There were 398 households, of which 41.0% had children under the age of 18 living with them, 61.8% were married couples living together, 8.3% had a female householder with no husband present, and 25.4% were non-families. 18.6% of all households were made up of individuals, and 6.5% had someone living alone who was 65 years of age or older. The average household size was 2.80 and the average family size was 3.22.

30.3% of the population were under the age of 18, 6.7% from 18 to 24, 37.8% from 25 to 44, 17.1% from 45 to 64, and 8.1% who were 65 years of age or older. The median age was 33 years. For every 100 females, there were 103.1 males. For every 100 females age 18 and over, there were 100.5 males.
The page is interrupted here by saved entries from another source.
Lemma right_reduced_product_unimodular {R : realType} {l : CC R} {r q : nat}
    {T UL UR : CC R -> 'M[CC R]_(r + q)} {m : nat -> nat}
    {V : CC R -> 'M[CC R]_(r, r + q)} {Y : CC R -> 'M[CC R]_(r + q, r)}
    {nu : 'I_r -> nat} :
  (forall k : 'I_q, m (r + k)%N = 0%N) ->
  (forall i j : 'I_r, (i <= j)%N -> (m j <= m i)%N) ->
  unimodular l UL -> unimodular l UR ->
  (\forall z \near l, UL z *m T z *m UR z = powdiag (r + q) l m z) ->
  holo_near l V -> holo_near l Y ->
  V l *m T l = 0 -> T l *m Y l = 0 -> \rank (V l) = r -> \rank (Y l) = r ->
  (forall i : 'I_r, zero_order l (fun z => T z *m col i (Y z)) (nu i)) ->
  (\sum_(i < r) nu i = \sum_(i < r) m i)%N ->
  (forall i j : 'I_r, (i <= j)%N -> (nu j <= nu i)%N) ->
  exists M : CC R -> 'M[CC R]_r, unimodular l M /\
    \forall z \near l^', M z = (V z *m T z *m Y z) *m invmx (powdiag r l m z).
Proof.
move=> m_tail m_dec uUL uUR smith hV hY V0 Y0 rkV rkY nuY nu_sum nu_dec.
have smith' : \forall z \near l,
    (UR z)^T *m (T z)^T *m (UL z)^T = powdiag (r + q) l m z.
  apply: filterS smith => z TD.
  by rewrite -!trmx_mul mulmxA TD /powdiag tr_diag_mx.
have ordY' i : zero_order l (fun z => row i (Y z)^T *m (T z)^T) (nu i).
  by under eq_fun do rewrite -tr_col -trmx_mul; exact: zero_order_tr.
have Y0' : (Y l)^T *m (T l)^T = 0 by rewrite -trmx_mul Y0 trmx0.
have V0' : (T l)^T *m (V l)^T = 0 by rewrite -trmx_mul V0 trmx0.
have [M [uM EM]] := left_reduced_product_unimodular m_tail m_dec
  (unimodular_tr uUR) (unimodular_tr uUL) smith' (holo_near_tr hY)
  (holo_near_tr hV) Y0' V0' (etrans (mxrank_tr _) rkY)
  (etrans (mxrank_tr _) rkV) ordY' nu_sum nu_dec.
exists (fun z => (M z)^T); split; first exact: unimodular_tr.
apply: filterS EM => z ->.
by rewrite trmx_mul trmx_inv /powdiag tr_diag_mx !trmx_mul !trmxK mulmxA.
Qed.

Theorem mainTheorem7 (R : realType) (Omega : set (CC R)) (lam0 : CC R)
  (n : nat) (T : CC R -> 'M[CC R]_n)
  (hOmega : open Omega) (hlam0 : Omega lam0)
  (hT : holo_on Omega T)
  (hdet : exists z, Omega z /\ \det (T z) != 0)
  (hdet0 : \det (T lam0) = 0)
  (r : nat) (hr : r = (n - \rank (T lam0))%N)
  (m : nat -> nat) (UL UR : CC R -> 'M[CC R]_n)
  (hm : forall i j, (i <= j)%N -> (j < n)%N -> (m j <= m i)%N)
  (hUL : unimodular lam0 UL) (hUR : unimodular lam0 UR)
  (hsmith : \forall z \near lam0, UL z *m T z *m UR z = powdiag n lam0 m z)
  (V : CC R -> 'M[CC R]_(r, n)) (Y : CC R -> 'M[CC R]_(n, r))
  (hV : left_canonical Omega lam0 T m V)
  (hY : right_canonical Omega lam0 T m Y) :
  (exists M : CC R -> 'M[CC R]_r,
     unimodular lam0 M /\
     \forall z \near lam0^',
        M z = invmx (powdiag r lam0 m z) *m (V z *m T z *m Y z)) /\
  (exists M : CC R -> 'M[CC R]_r,
     unimodular lam0 M /\
     \forall z \near lam0^',
        M z = (V z *m T z *m Y z) *m invmx (powdiag r lam0 m z)).
Proof.
have rkT : \rank (T lam0) = \rank (powdiag n lam0 m lam0).
  rewrite -(nbhs_singleton hsmith) mxrankMfree ?row_free_unit ?unimodular_unit //.
  by rewrite eqmxMfull ?row_full_unit ?unimodular_unit.
have m_tail k : (r <= k)%N -> (k < n)%N -> m k = 0%N.
  by rewrite hr rkT; exact: powdiag_tail_eq0.
have [q n_rq] : exists q, n = (r + q)%N.
  by exists (n - r)%N; rewrite subnKC // hr leq_subr.
subst n.
have m_tail' (k : 'I_q) : m (r + k)%N = 0%N.
  by rewrite m_tail ?leq_addr ?ltn_add2l.
have m_dec (i j : 'I_r) : (i <= j)%N -> (m j <= m i)%N.
  by move=> ij; apply: hm ij (ltn_addr q (ltn_ord j)).
have V0 := left_canonical_kernel hV; have Y0 := right_canonical_kernel hY.
case: hV => hVO [_ [rkV [nuV [ordV [sumV decV]]]]].
case: hY => hYO [_ [rkY [nuY [ordY [sumY decY]]]]].
have hV := holo_on_near hOmega hlam0 hVO.
have hY := holo_on_near hOmega hlam0 hYO.
split.
  exact: left_reduced_product_unimodular m_tail' m_dec hUL hUR hsmith hV hY
    V0 Y0 rkV rkY ordV sumV decV.
exact: right_reduced_product_unimodular m_tail' m_dec hUL hUR hsmith hV hY
  V0 Y0 rkV rkY ordY sumY decY.
Qed.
The median household income was $56,726 and the median family income was $63,000. Males had a median income of $39,250 versus $27,222 for females. The per capita income for the village was $21,886. About 1.3% of families and 2.8% of the population were below the poverty line, including 3.9% of those under age 18 and 3.8% of those age 65 or over.

==Education==
It is in the West Bend School District.

==Notable people==
- Joseph Chesak, Wisconsin businessman and legislator; worked in Newburg.
- Gilbert Vandercook, Wisconsin newspaper editor, lawyer, and legislator; was born in Newburg.